Copper (260 nm) and Ag (1000 nm) films deposited on glass substrates, at
different substrate temperatures. Their optical properties were measured by
ellipsometry (single wavelength of 589.3 nm) and spectrophotometry in the
spectral range of 200–2600 nm. Kramers Kronig method was used for the
analysis of the reflectivity curves of Cu and Ag films to obtain the optical
constants of the films, while ellipsometry measurements was carried out as
an independent method. The influence of substrate temperature on the
microstructure of thin metallic films [Structure Zone Model (SZM)] is well
established [Movchan and Demchishin, Phys. Met. Metall. 28, 83 (1969); Thornton, J. Vac. Sci. Technol. 12, 830 (1975); Savaloni
and Bagheri Najmi, Vacuum 66, 49 (2002); Savaloni and Player, Vacuum 46, 167 (1995); Savaloni et al., Vacuum 43, 965 (1992)]. The Effective Medium Approximation (EMA)

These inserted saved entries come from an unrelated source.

Lemma s4_trop m : tropNU (vec_of m (s4 R)).
Proof.
apply: tropNU_realizable (realizable_max (realizable_join_cliques 0 2 1)
                                         (realizable_join_cliques 2 2 0)) _ => -[|j] _.
  by rewrite s4E /join_cliques_exp.
rewrite s4E join_cliques_exp_le // join_cliques_exp0; congr _%:R.
by case: j => [|[|j]] /=; lia.
Qed.

Lemma r1_trop m i : (5 <= i)%N -> tropNU (vec_of m (r1 R i)).
Proof.
move=> /subnK <-; move: (i - 5)%N => a.
apply: tropNU_realizable (realizable_max (realizable_join_cliques 0 (6 * a + 15) 0)
   (realizable_max (realizable_join_cliques 6 (3 * a + 3) (3 * a + 9))
                   (realizable_join_cliques (4 * a + 10) (4 * a + 10) 0))) _ => -[|j] _.
  by rewrite r1E /join_cliques_exp; congr _%:R; lia.
rewrite r1E !join_cliques_exp0 join_cliques_exp_le; last lia.
congr _%:R; case: j => [|[|j]] /=; try lia.
by case: (leqP j.+3 (a + 5)) => ja; nia.
Qed.

Lemma r2_trop m i : (5 <= i)%N -> tropNU (vec_of m (r2 R i)).
Proof.
move=> i5; apply: tropNU_realizable (realizable_max (realizable_join_cliques 0 (i + 2) 0)
                                         (realizable_join_cliques i i 0)) _ => -[|j] _.
  by rewrite r2E /join_cliques_exp; congr _%:R; lia.
rewrite r2E !join_cliques_exp0; congr _%:R => /=.
by case: (leqP j.+1 i) => ji; nia.
Qed.

Lemma r3_trop m i : (5 <= i)%N -> tropNU (vec_of m (r3 R i)).
Proof.
move=> /subnK <-; move: (i - 5)%N => a.
apply: tropNU_realizable (realizable_max (realizable_join_cliques 0 (3 * a + 6) 0)
   (realizable_max (realizable_join_cliques 2 (2 * a + 2) (a + 3))
                   (realizable_join_cliques (2 * a + 4) (2 * a + 4) 0))) _ => -[|j] _.
  by rewrite r3E /join_cliques_exp; congr _%:R; lia.
rewrite r3E !join_cliques_exp0 join_cliques_exp_le; last lia.
congr _%:R; case: j => [|[|j]] /=; try lia.
by case: (leqP j.+3 (a + 5)) => ja; nia.
Qed.

Lemma r4_trop m i : (5 <= i)%N -> tropNU (vec_of m (r4 R i)).
Proof.
move=> /subnK <-; move: (i - 5)%N => a.
apply: tropNU_realizable (realizable_max (realizable_join_cliques 0 (2 * a + 5) 0)
                          (realizable_join_cliques 2 (a + 1) (a + 3))) _ => -[|j] _.
  by rewrite r4E /join_cliques_exp; congr _%:R; lia.
rewrite r4E join_cliques_exp0 join_cliques_exp_le; last lia.
congr _%:R; case: j => [|j] /=; first lia.
by case: (leqP j.+2 (a + 5)) => ja; nia.
Qed.

Lemma r5_trop m i : (2 <= i)%N -> tropNU (vec_of m (r5 R i)).
Proof.
move=> i2; apply: tropNU_realizable (realizable_max (realizable_join_cliques 0 1 0)
   (realizable_copies i (realizable_join_cliques 0 0 0))) _ => -[|j] _.
  by rewrite r5E /join_cliques_exp; congr _%:R; lia.
by rewrite r5E !join_cliques_exp0; congr _%:R; lia.
Qed.

Lemma r6_trop m i : (4 <= i)%N -> tropNU (vec_of m (r6 R i)).
Proof.
move=> /subnK <-; move: (i - 4)%N => a.
apply: tropNU_realizable (realizable_max (realizable_join_cliques 0 (a + 5) 0)
   (realizable_copies 2 (realizable_join_cliques (a + 3) (a + 3) 0))) _ => -[|j] _.
  by rewrite r6E /join_cliques_exp; congr _%:R; lia.
rewrite r6E !join_cliques_exp0; congr _%:R; case: j => [|j] /=; first lia.
by case: (leqP j.+2 (a + 4)) => ja; nia.
Qed.

End Vectors.

Unset Implicit Arguments.
Local Open Scope ring_scope.

Theorem lemma4p4 (R : realType) (m : nat) : (0 < m)%N ->
  @tropNU R m (@vec_of R m (@s1 R)) /\
  @tropNU R m (@vec_of R m (@s2 R)) /\
  @tropNU R m (@vec_of R m (@s3 R)) /\
  @tropNU R m (@vec_of R m (@s4 R)) /\
  (forall i : nat, (5 <= i <= m - 1)%N -> @tropNU R m (@vec_of R m (@r1 R i))) /\
  (forall i : nat, (5 <= i <= m - 1)%N -> @tropNU R m (@vec_of R m (@r2 R i))) /\
  (forall i : nat, (5 <= i <= m - 1)%N -> @tropNU R m (@vec_of R m (@r3 R i))) /\
  (forall i : nat, (5 <= i <= m - 1)%N -> @tropNU R m (@vec_of R m (@r4 R i))) /\
  (forall i : nat, (3 <= i <= m - 1)%N -> @tropNU R m (@vec_of R m (@r5 R i))) /\
  (forall i : nat, (4 <= i <= m - 1)%N -> @tropNU R m (@vec_of R m (@r6 R i))).
Proof.
move=> _; repeat split; try move=> i /andP [i_ge _].
- exact: s1_trop.
- exact: s2_trop.
- exact: s3_trop.
- exact: s4_trop.
- exact: r1_trop.
- exact: r2_trop.
- exact: r3_trop.
- exact: r4_trop.
- by apply: r5_trop; apply: ltnW.
- exact: r6_trop.
Qed.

analysis was used to establish the relationship between the SZM and EMA
predictions. Good agreements between SZM as a function of substrate
temperature and the values of volume fraction of voids obtained from EMA
analysis, is achieved; by increasing the substrate temperature the
separation of the metallic grains decreases, hence, the volume fraction of
voids decreases and denser films formed.
The predictions of the Drude free-electron theory are compared with
experimental results for dielectric functions of Cu and Ag films of
different substrate temperature. The real part of the dielectric constant is
decreased with increasing the substrate temperature, while the imaginary
part of the dielectric constant increased with temperature for both
materials over the whole energy range measured, including intraband and
interband regions. The increase of the imaginary part in the interband
region suggests a temperature and frequency dependence of the relaxation
time in the Drude model, namely $\tau ^{-1}\left( \omega \right)=\tau
_0^{-1} +\beta \omega ^2.$